PROBLEM DETAILS
Output only this range of the data below: the line that contains "-- apply Hin; auto." through the final line, both ends included, each retyped exactly.

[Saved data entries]
Theorem lemma20 (R : realType) (g : nat -> nat) :
  (forall M : nat, exists N : nat, forall n : nat, (N <= n)%N -> (M <= g n)%N) ->
  (((g n)%:R / n%:R : R) @[n --> \oo] --> (0 : R)) ->
  (exists n0 : nat, forall m n : nat, (0 < m)%N -> (n0 <= m)%N -> (m <= n)%N ->
      (g m <= g n)%N /\ (g n)%:R / n%:R <= (g m)%:R / m%:R :> R) ->
  exists eps : nat -> R, (eps @ \oo --> (0 : R)) /\
    \forall n \near \oo,
      (n`!)%:R * ((g n)%:R `^ ((1 + eps n) * (g n)%:R / 2))
        <= (hered_Fg_count g n)%:R.
Proof.
move=> g_unbdd g_sublin [n0 g_mono].
have g_oo : g @ \oo --> \oo by apply/cvgnyPge => M; have [N gN] := g_unbdd M; exists N.
exists (fun n => exponent_error (g n)%:R (chord_pairs n (g n))%:R); split.
  apply: exponent_error_cvg0; first exact/cvgrnyP.
  exact: double_chord_pairs_ratio_cvg1.
near=> n.
have g_ge2 : (2 <= g n)%N by near: n; move/cvgnyPge: g_oo; apply.
have g_small : (g n * maxn 2 n0 <= n)%N by near: n; exact: sublinear_mul_le g_sublin.
have spacing_ge : (maxn 2 n0 < spacing n (g n))%N by rewrite ltnS leq_divRL //; lia.
rewrite powR_exponent_error ?ltr1n //; apply: fact_mul_expR_le.
apply: (hered_Fg_count_ge (l := spacing n (g n))); [lia | apply: chord_pairs_fit; nia |].
apply: (div_le_of_ratio_mono (n0 := n0)); [|apply/ltnW/spacing_gt; lia|lia|lia].
move=> w /andP[n0w wn] w_pos; apply: (ler_ratio_nat (R := R)) => //; first nia.
by case: (g_mono w n w_pos n0w wn).
Unshelve. all: end_near.
Qed.
(** Rotation preserves the interval arcs; the start x of an arc becomes
    (x + (M - i)) mod M. *)
Lemma rotate_arcs (M i : nat) (s : nat -> segment) (ls : list nat) :
  i < M -> interval_arcs M s ls -> interval_arcs M (rotate M i s) ls.
Proof.
  intros Hi [[[x [Hx Ix]] [y [Hy Py]]] [st [ln [Hnd [Hin [Hlen HP]]]]]].
  set (r := fun x => (x + (M - i)) mod M).
  assert (Hr : forall x, (r x + i) mod M = x mod M).
  { intros z. unfold r. rewrite Nat.Div0.add_mod_idemp_l.
    replace (z + (M - i) + i) with (z + 1 * M) by lia. apply Nat.Div0.mod_add. }
  assert (Hrx : forall x, x < M -> rotate M i s (r x) = s x)
    by (intros z Hz; unfold rotate; rewrite Hr, Nat.mod_small; auto).
  assert (Hst : forall x, In x st -> x < M) by (intros z Hz; apply Hin in Hz; apply Hz).
  split; [split|].
  - exists (r x). split; [apply Nat.mod_upper_bound; lia|]. rewrite Hrx; auto.
  - exists (r y). split; [apply Nat.mod_upper_bound; lia|]. rewrite Hrx; auto.
  - exists (map r st), ln. split; [|split; [|split; [|exact HP]]].
    + apply NoDup_map_NoDup_ForallPairs; [|exact Hnd]. intros a b Ha Hb E.
      rewrite <- (Nat.mod_small a M), <- (Nat.mod_small b M) by auto.
      rewrite <- (Hr a), <- (Hr b), E. reflexivity.
    + intros j. rewrite in_map_iff. split.
      * intros [z [E Hz]]. subst j.
        apply arc_start_rotate; [lia|apply Nat.mod_upper_bound; lia|].
        rewrite Hr, Nat.mod_small by auto. apply Hin; auto.
      * intros H. assert (Hj : j < M) by apply H.
        apply arc_start_rotate in H; [|lia|auto]. exists ((j + i) mod M). split.
        -- unfold r. rewrite Nat.Div0.add_mod_idemp_l.
           replace (j + i + (M - i)) with (j + 1 * M) by lia.
           rewrite Nat.Div0.mod_add. apply Nat.mod_small; auto.
        -- apply Hin; auto.
    + apply Forall2_map_l. eapply Forall2_impl; [|exact Hlen].
      intros a k Hak. apply arc_length_rotate.
      rewrite <- arc_length_mod, Hr, arc_length_mod. exact Hak.
Qed.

EXERCISE ANSWER
        -- apply Hin; auto.
    + apply Forall2_map_l. eapply Forall2_impl; [|exact Hlen].
      intros a k Hak. apply arc_length_rotate.
      rewrite <- arc_length_mod, Hr, arc_length_mod. exact Hak.
Qed.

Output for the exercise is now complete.